In the past year, the E. coli BL21 strain has been used for the development of cELPro. This strain is chosen for its ease of protein expression, due to its rapid growth and high expression rate[15]. However, the disadvantage of using E. coli is that through a process called conjugation, which lets bacteria exchange their genes with their neighbors, plasmids can be transmitted directly between bacteria[16]. This makes the use of a bacterial strain in the intestine less safe, since the antibiotic resistance gene can be transmitted to bacteria present in the microbiome of the consumers[17]. When this happens, the gene that codes for IL-10 is transmitted as well, which might cause uncontrolled production of the protein, which can lead to serious side effects. Fortunately, permanent gene incorporation of bacterial cells into mammalian cells is very rare[18]. For this to happen, a bacterial gene has to be transferred into a sperm or egg cell, which is not relevant for the current application of cELPro.
There are a few ways to prevent the transmittance of genes between bacteria described above. The first one is to make an mRNA-based therapy. The advantage of mRNA-based therapies is that there is no risk of gene integration into other cells[19]. Furthermore, mRNA degrades quickly, which will also prevent that production of IL-10 will be prolonged for too long in the gut.
Another option mentioned by Maikel Peppelenbosch is to use other cell types such as yeast as the host for the therapeutic. Yeast cells are used as hosts for pharmaceutical production since they are generally recognized as safe (GRAS)[20]. Yeast has already been used for decades for drug production making it a well-known and understandable host. Moreover, the risks to patients are also well-known. In addition, according to prof. dr. MP Peppelenbosch it is possible to build in introns in yeast. Prokaryotic cells, such as those in the microbiome, are not able to incorporate these genes. This eliminates the possibility of cross over to other bacteria. This makes the application safer for the consumer.

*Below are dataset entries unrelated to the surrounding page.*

Lemma count_draw_loop b x l k :
  count (fun w => draw_loop p b l w == Some (rcons b x, (l + k.+1)%N, [::])) (bitseqs k.+1) =
  (nstall (digit (p (rcons b false))) (digit (p (rcons b true))) l k
   * digit (p (rcons b x)) (l + k.+1))%N.
Proof.
elim: k l => [|k IH] l.
  rewrite /nstall big_ord0 mul1n addn1 /=.
  case: x; case: (digit (p (rcons b false)) l.+1); case: (digit (p (rcons b true)) l.+1);
    by rewrite /= ?Some_rcons_eq ?eqxx.
have overshoot (y : bool) w : w \in bitseqs k.+1 ->
    (Some (rcons b y, l.+1, w) == Some (rcons b x, (l + k.+2)%N, [::])) = false.
  by rewrite mem_bitseqs Some_rcons_eq; case: w => //= z w _; rewrite !andbF.
rewrite [bitseqs _]/= count_cat !count_map.
rewrite (eq_in_count (a2 := fun w => ~~ digit (p (rcons b false)) l.+1 &&
   (draw_loop p b l.+1 w == Some (rcons b x, (l.+1 + k.+1)%N, [::])))); last first.
  by move=> w /overshoot Hw /=; case: digit; rewrite ?Hw // addSnnS.
rewrite [X in (_ + X)%N](eq_in_count (a2 := fun w => ~~ digit (p (rcons b true)) l.+1 &&
   (draw_loop p b l.+1 w == Some (rcons b x, (l.+1 + k.+1)%N, [::])))); last first.
  by move=> w /overshoot Hw /=; case: digit; rewrite ?Hw // addSnnS.
rewrite !count_andl IH -mulnDl mulnA addSnnS; congr (_ * _)%N.
rewrite /nstall big_ord_recl addn0; congr (_ * _)%N.
by apply: eq_bigr => i _; rewrite /bump /= addnS.
Qed.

Before further steps can be taken with cELPro some additional experiments need to be done regarding for example biocontainment. The most important one is to measure the lifespan of the engineered bacteria. This is a point that came up in multiple interviews we had that can be read on our Human Practices Page.
During the conversation with RIVM (National Institute for Public Health and the Environment), they stated that it can be harmful for the environment when our engineered bacteria get into the sewage system alive. To test whether the bacteria are already dead when they leave the human body the lifespan needs to be tested. We plan to do this with further CCK8 experiments (Experiments Section) and to do the live/dead staining of the bacteria after different timepoints.
At the moment, based on literature research, we expect that the lifespan of the bacteria is a few days. Researchers from a group in the United States made PEG-polymer based hydrogelated E. coli, these cells lived up to three days. This showed that engineering the bacteria to make them unable to divide decreases their lifespan.
However, if experiments show that the lifespan of the bacteria is too long, another bacterial host can be chosen as the host of cELPro. RIVM advised us to look into bacterial host that have shorter lifespan, such as Lactobacillales.
During our project, we have talked to numerous people of which some have worked on similar ideas in the past. We also found some people who are still working on similar approaches to use bacteria in therapeutics. Before we can think of turning our idea into a start-up company and look for opportunities when it comes to intellectual property (IP), it is important to check what they are doing and to assess whether their developments will impact our technology and market in the future.
Professor Cheemeng Tan from UC Davis has formed hydrogels in bacteria with PEG polymers and is currently investigating applications for his idea. He has already shown that it is possible to infiltrate cancer cells with his bacteria by using the protein invasin[21]. Furthermore, he told us that he is currently looking into applications in the bowel. He also filed for a couple of patents, but nothing has been published about this yet. These patents might be something we need to be careful with in the future, however, we think our approach of forming a protein-based hydrogel is different enough and that this will not cause any issues with patents that have been filed for already.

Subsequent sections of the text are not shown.